▶ [Work to complete]: Every line in the records below between the one holding "Lemma simplify_irr (T" and the one holding "End PathJoin.", inclusive, is to be set down exactly; all other lines are to be left out.

▶ [Data for this exercise]:
Lemma is_series_csum_Re_nonneg (G : nat -> nat -> C) N :
  (forall k, (k < N)%nat -> exists v, is_series (V := C_NormedModule) (G k) v /\ 0 <= Re v) ->
  exists S, is_series (V := C_NormedModule) (fun m => csum (fun k => G k m) N) S /\ 0 <= Re S.
Proof.
  induction N as [|N IH]; intros HG.
  - exists zero. split; [|simpl; lra].
    exact is_series_zero.
  - destruct IH as [S [HS HS0]]; [auto|].
    destruct (HG N ltac:(lia)) as [v [Hv Hv0]].
    exists (plus S v). split; [exact (is_series_plus _ _ _ _ HS Hv)|].
    destruct S, v. unfold Re in *. simpl in *. lra.
Qed.

(** * Roots of unity *)

Definition cis (t : R) : C := (cos t, sin t).

Lemma cis_add (a b : R) : (cis a * cis b)%C = cis (a + b).
Proof.
  unfold cis, Cmult; simpl. rewrite cos_plus, sin_plus.
  apply injective_projections; simpl; ring.
Qed.

Lemma cis_pow (a : R) (k : nat) : (cis a ^ k)%C = cis (INR k * a).
Proof.
  induction k as [|k IH].
  - simpl. unfold cis. now rewrite Rmult_0_l, cos_0, sin_0.
  - rewrite Cpow_S, IH, cis_add, S_INR. f_equal. ring.
Qed.

Lemma Cconj_cis (a : R) : Cconj (cis a) = cis (- a).
Proof. unfold cis, Cconj; simpl. now rewrite cos_neg, sin_neg. Qed.

Lemma Cmod_cis (a : R) : Cmod (cis a) = 1.
Proof.
  assert (H := sin2_cos2 a). unfold Rsqr in H. unfold Cmod, cis; simpl.
  replace (cos a * (cos a * 1) + sin a * (sin a * 1)) with 1 by nra. apply sqrt_1.
Qed.

Lemma cis_2PI_mult (j : nat) : cis (2 * PI * INR j) = 1%C.
Proof.
  rewrite Rmult_comm, <- cis_pow. unfold cis. rewrite cos_2PI, sin_2PI. apply Cpow_1_l.
Qed.

Lemma cis_neq_1_pos (t : R) : 0 < t < 2 * PI -> cis t <> 1%C.
Proof.
  intros Ht E. unfold cis in E. injection E as Ecos Esin.
  destruct (Rtotal_order t PI) as [Hlt | [Heq | Hgt]].
  - assert (0 < sin t) by (apply sin_gt_0; lra). lra.
  - subst t. rewrite cos_PI in Ecos. lra.
  - assert (sin t < 0) by (apply sin_lt_0; lra). lra.
Qed.

Lemma cis_neq_1 (t : R) : t <> 0 -> - (2 * PI) < t < 2 * PI -> cis t <> 1%C.
Proof.
  intros Ht0 Ht E. destruct (Rlt_or_le 0 t) as [Hpos | Hneg].
  - exact (cis_neq_1_pos t ltac:(lra) E).
  - apply (cis_neq_1_pos (- t)); [lra|].
    rewrite <- Cconj_cis, E. apply injective_projections; simpl; ring.
Qed.

Definition unit_root (N k : nat) : C := cis (2 * PI * INR k / INR N).

Lemma csum_unit_root_orthogonal N m n : (m < N)%nat -> (n < N)%nat ->
  csum (fun k => unit_root N k ^ m * Cconj (unit_root N k ^ n))%C N =
  if (m =? n)%nat then RtoC (INR N) else 0%C.
Proof.
  intros Hm Hn.
  assert (HN : 0 < INR N) by (apply lt_0_INR; lia).
  set (x := (INR m - INR n) / INR N).
  set (theta := 2 * PI * x).
  rewrite (csum_ext _ (fun k => cis theta ^ k)%C).
  2:{ intros k _. unfold unit_root. rewrite !cis_pow, Cconj_cis, cis_add.
      f_equal. unfold theta. unfold x. field. lra. }
  destruct (Nat.eqb_spec m n) as [-> | Hmn].
  - rewrite <- csum_1. apply csum_ext. intros k _.
    replace theta with 0 by (unfold theta, x; field_simplify; lra).
    unfold cis. rewrite cos_0, sin_0. apply Cpow_1_l.
  - apply csum_geom_root.
    + rewrite cis_pow. replace (INR N * theta) with (2 * PI * INR m + - (2 * PI * INR n))
        by (unfold theta, x; field; lra).
      rewrite <- cis_add, <- Cconj_cis, !cis_2PI_mult.
      apply injective_projections; simpl; ring.
    + assert (Hmn' : INR m <> INR n) by now apply not_INR.
      assert (Hm' : INR m < INR N) by now apply lt_INR.
      assert (Hn' : INR n < INR N) by now apply lt_INR.
      assert (0 <= INR m) by apply pos_INR. assert (0 <= INR n) by apply pos_INR.
      assert (Hx0 : x <> 0).
      { unfold x. intros E. apply Hmn'. apply Rmult_integral in E as [E | E].
        - lra.
        - exfalso. apply Rinv_neq_0_compat in E; lra. }
      assert (Hx : -1 < x < 1).
      { unfold x. split; [apply Rlt_div_r | apply Rlt_div_l]; lra. }
      assert (HPI := PI_RGT_0).
      apply cis_neq_1; unfold theta; [intros E; apply Hx0; nra | nra].
Qed.

(** * Positive derivative and difference quotients *)

Lemma is_derive_C_approx (f : C -> C) (z0 l : C) :
  is_derive (K := C_AbsRing) (V := C_NormedModule) f z0 l ->
  forall eps : posreal, exists delta : posreal, forall y, Cmod (y - z0) < delta ->
    Cmod (f y - f z0 - (y - z0) * l) <= eps * Cmod (y - z0).
Proof.
  intros [_ Hd] eps.
  assert (Hlim : is_filter_lim (T := AbsRing_UniformSpace C_AbsRing)
    (@locally (AbsRing_UniformSpace C_AbsRing) z0) z0) by (intros P HP; exact HP).
  destruct (Hd z0 Hlim eps) as [delta Hdelta].
  exists delta. intros y Hy. exact (Hdelta y Hy).
Qed.
Lemma ball_rename (R : renaming VN) (G : graph) c k u :
  ball (rename R G) c k u <-> ball G (rn_inv R c) k (rn_inv R u).
Proof.
  revert u; induction k as [| k IH]; intro u; simpl.
  - split; intros [h e]; split; auto.
    + congruence.
    + apply (rn_inv_inj R); auto.
  - rewrite IH; split; intros [h | (w & hw & i & j & he)]; auto; right.
    + exists (rn_inv R w); split; [apply IH, hw | exists i, j; exact he].
    + exists (rn R w); rewrite IH, rn_Ki; split; [exact hw | exists i, j].
      unfold rename, rn_port; simpl; rewrite rn_Ki; exact he.
Qed.

Lemma rename_disk (R : renaming VN) (G : graph) r c :
  rename_pg R (disk G r c) = disk (rename R G) r (rn R c).
Proof.
  unfold rename_pg, disk; simpl; f_equal.
  apply graph_ext; cbn [rename disk_graph gV gE gsig gdel rn_port fst snd]; intros;
    rewrite ?ball_rename, ?rn_Ki; tauto.
Qed.

Lemma rename_wf (R : renaming VN) (G : graph) : wf G -> wf (rename R G).
Proof.
  intros ((g & hg) & WEV & Wirr & Wsym & WEfun & WsV & Wsfun & WdE & Wdsym & Wdfun).
  pose proof (fun p q => @port_map_inj (rn_inv R) p q (rn_inv_inj R)) as hinj.
  refine (conj _ (conj _ (conj _ (conj _ (conj _ (conj _ (conj _ (conj _ (conj _ _))))))))); simpl.
  - exists (fun u => g (rn_inv R u)); intros u v hu hv e; apply (rn_inv_inj R), hg; auto.
  - intros p q h; exact (WEV _ _ h).
  - intros p q h ->; exact (Wirr _ _ h eq_refl).
  - intros p q h; exact (Wsym _ _ h).
  - intros p q q' h h'; exact (hinj _ _ (WEfun _ _ _ h h')).
  - intros v s h; exact (WsV _ _ h).
  - intros v s s' h h'; exact (Wsfun _ _ _ h h').
  - intros p q d h; exact (WdE _ _ _ h).
  - intros p q d h; exact (Wdsym _ _ _ h).
  - intros p q d d' h h'; exact (Wdfun _ _ _ _ h h').
Qed.

Lemma is_disk_rename r (R : renaming VN) (D : pgraph) : is_disk r D -> is_disk r (rename_pg R D).
Proof.
  intros (G & c & W & hc & ->); rewrite rename_disk; apply is_disk_intro.
  - apply rename_wf, W.
  - simpl; rewrite rn_Ki; exact hc.
Qed.

Lemma card_le_weaken (P Q : VN -> Prop) n m :
  card_le Q n -> (forall u, P u -> Q u) -> n <= m -> card_le P m.
Proof. intros (l & hl & hQ) hPQ hnm; exists l; split; [lia | auto]. Qed.

Lemma card_le_list_union (A : Type) (l : list A) (Q : A -> VN -> Prop) n :
  (forall a, In a l -> card_le (Q a) n) ->
  card_le (fun u => exists a, In a l /\ Q a u) (length l * n).
Proof.
  induction l as [| a l IH]; intro hQ.
  - exists nil; split; [simpl; lia | intros u (a & [] & _)].
  - destruct (hQ a (or_introl eq_refl)) as (La & hLa & qa).
    destruct IH as (L & hL & q); [intros b hb; apply hQ; right; exact hb |].
    exists (La ++ L); split; [rewrite length_app; simpl; lia |].
    intros u (b & [<- | hb] & hu); apply in_or_app; [left; auto | right; eauto].
Qed.

Lemma card_le_bigcup (P : VN -> Prop) (Q : VN -> VN -> Prop) m n :
  card_le P m -> (forall v, P v -> card_le (Q v) n) ->
  card_le (fun u => exists v, P v /\ Q v u) (m * n).
Proof.
  intros (L & hL & hP) hQ.
  apply card_le_weaken with (Q := fun u => exists v, In v L /\ (P v /\ Q v u)) (n := length L * n).
  - apply card_le_list_union; intros v _.
    destruct (excluded_middle_informative (P v)) as [hv | hv].
    + eapply card_le_weaken; [exact (hQ v hv) | tauto | lia].
    + exists nil; split; [simpl; lia | tauto].
  - intros u (v & hv & hu); exists v; auto.
  - apply Nat.mul_le_mono_r, hL.
Qed.
(* Let $(H,v)$ be a rooted graph. Then for any integers $k\ge 0$ and $g\ge 1$, \[ X_{P^k(K_g,\,H)}=(g-1)!\sum_{l=0}^{g-1}(1-l)\,e_l\,X_{H^{k+g-1-l}}. \]
   Context: All graphs are finite simple graphs. The chromatic symmetric function of a graph $G$ is $X_G=\sum_{\kappa}\prod_{v\in V(G)}x_{\kappa(v)}$, where $\kappa$ ranges over proper colorings $\kappa:V(G)\to\{1,2,\dots\}$. $e_l$ is the $l$-th elementary symmetric function, $e_0=1$. $K_g$ is the complete graph on $g$ vertices, rooted at any vertex. For rooted graphs $(G,u)$, $(H,v)$ and $k\ge 0$, $P^k(G,H)$ is obtained from the disjoint union of $G$ and $H$ by adding a path of length $k$ (with $k-1$ new internal vertices) joining $u$ and $v$ (for $k=0$, $u$ and $v$ are identified). The tailed graph $H^k$ is $P^k(H,K_1)$, i.e., $H$ with a pendant path of length $k$ attached at its root. *)

From HB Require Import structures.
From mathcomp Require Import all_boot all_order all_algebra.
From mathcomp Require Import mpoly.
Set Implicit Arguments. Unset Strict Implicit. Unset Printing Implicit Defensive.
Import GRing.Theory.
Local Open Scope ring_scope.

Record simple_graph := SGraph {
  vtx : finType;
  adj : rel vtx;
  adj_sym : ssrbool.symmetric adj;
  adj_irr : irreflexive adj }.

Record rooted_graph := RGraph { rg :> simple_graph; root : vtx rg }.

Definition simplify (T : finType) (e : rel T) : rel T :=
  fun a b => (a != b) && (e a b || e b a).

Lemma simplify_sym (T : finType) (e : rel T) : ssrbool.symmetric (simplify e).
Proof. by move=> a b; rewrite /simplify eq_sym orbC. Qed.

Lemma simplify_irr (T : finType) (e : rel T) : irreflexive (simplify e).
Proof. by move=> a; rewrite /simplify eqxx. Qed.

Definition mk_sgraph (T : finType) (e : rel T) : simple_graph :=
  SGraph (@simplify_sym T e) (@simplify_irr T e).

Definition complete_rgraph (g : nat) (hg : (0 < g)%N) : rooted_graph :=
  @RGraph (mk_sgraph (fun x y : 'I_g => x != y)) (Ordinal hg).

(* P^k(G,H): disjoint union of G and H, joined by a path of length k from
   the root u of G to the root v of H (for k = 0, u and v are identified).
   Vertices: G  +  internal/terminal path vertices w_1..w_k (w_i encoded by
   i-1 : 'I_k)  +  (H minus v).  The vertex v of H is represented by w_k if
   k >= 1 and by u if k = 0. *)
Section PathJoin.
Variables (G H : rooted_graph) (k : nat).

Definition pj_vtx : finType :=
  ((vtx G + 'I_k) + {x : vtx H | x != root H})%type.

Definition pj_v : pj_vtx :=
  match [pick i : 'I_k | i.+1 == k] with
  | Some i => inl (inr i)
  | None => inl (inl (root G))
  end.

Definition pj_H (x : vtx H) : pj_vtx :=
  match insub x with
  | Some y => inr y
  | None => pj_v
  end.

Definition pj_base (a b : pj_vtx) : bool :=
  match a, b with
  | inl (inl x), inl (inl y) => adj x y
  | inl (inl x), inl (inr i) => (x == root G) && (nat_of_ord i == 0)%N
  | inl (inr i), inl (inr j) => (nat_of_ord j == (nat_of_ord i).+1)%N
  | _, _ => false
  end
  || [exists x : vtx H, exists y : vtx H,
        [&& adj x y, a == pj_H x & b == pj_H y]].

Definition path_join : simple_graph := mk_sgraph pj_base.
End PathJoin.

(* K_1 rooted at its unique vertex, and the tailed graph H^k = P^k(H, K_1). *)
Definition K1 : rooted_graph := complete_rgraph (ltn0Sn 0).
Definition tailed (H : rooted_graph) (k : nat) : simple_graph := path_join H K1 k.

Definition proper_col (G : simple_graph) (n : nat) (c : {ffun vtx G -> 'I_n}) : bool :=
  [forall x, forall y, adj x y ==> (c x != c y)].

(* The chromatic symmetric function X_G specialised to n variables
   x_0, ..., x_{n-1} (all other variables set to 0), with integer
   coefficients. *)
Definition chromsym (n : nat) (G : simple_graph) : {mpoly int[n]} :=
  \sum_(c : {ffun vtx G -> 'I_n} | proper_col c) \prod_(v : vtx G) 'X_(c v).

▶ [Answer box]:
Lemma simplify_irr (T : finType) (e : rel T) : irreflexive (simplify e).
Proof. by move=> a; rewrite /simplify eqxx. Qed.

Definition mk_sgraph (T : finType) (e : rel T) : simple_graph :=
  SGraph (@simplify_sym T e) (@simplify_irr T e).

Definition complete_rgraph (g : nat) (hg : (0 < g)%N) : rooted_graph :=
  @RGraph (mk_sgraph (fun x y : 'I_g => x != y)) (Ordinal hg).

(* P^k(G,H): disjoint union of G and H, joined by a path of length k from
   the root u of G to the root v of H (for k = 0, u and v are identified).
   Vertices: G  +  internal/terminal path vertices w_1..w_k (w_i encoded by
   i-1 : 'I_k)  +  (H minus v).  The vertex v of H is represented by w_k if
   k >= 1 and by u if k = 0. *)
Section PathJoin.
Variables (G H : rooted_graph) (k : nat).

Definition pj_vtx : finType :=
  ((vtx G + 'I_k) + {x : vtx H | x != root H})%type.

Definition pj_v : pj_vtx :=
  match [pick i : 'I_k | i.+1 == k] with
  | Some i => inl (inr i)
  | None => inl (inl (root G))
  end.

Definition pj_H (x : vtx H) : pj_vtx :=
  match insub x with
  | Some y => inr y
  | None => pj_v
  end.

Definition pj_base (a b : pj_vtx) : bool :=
  match a, b with
  | inl (inl x), inl (inl y) => adj x y
  | inl (inl x), inl (inr i) => (x == root G) && (nat_of_ord i == 0)%N
  | inl (inr i), inl (inr j) => (nat_of_ord j == (nat_of_ord i).+1)%N
  | _, _ => false
  end
  || [exists x : vtx H, exists y : vtx H,
        [&& adj x y, a == pj_H x & b == pj_H y]].

Definition path_join : simple_graph := mk_sgraph pj_base.
End PathJoin.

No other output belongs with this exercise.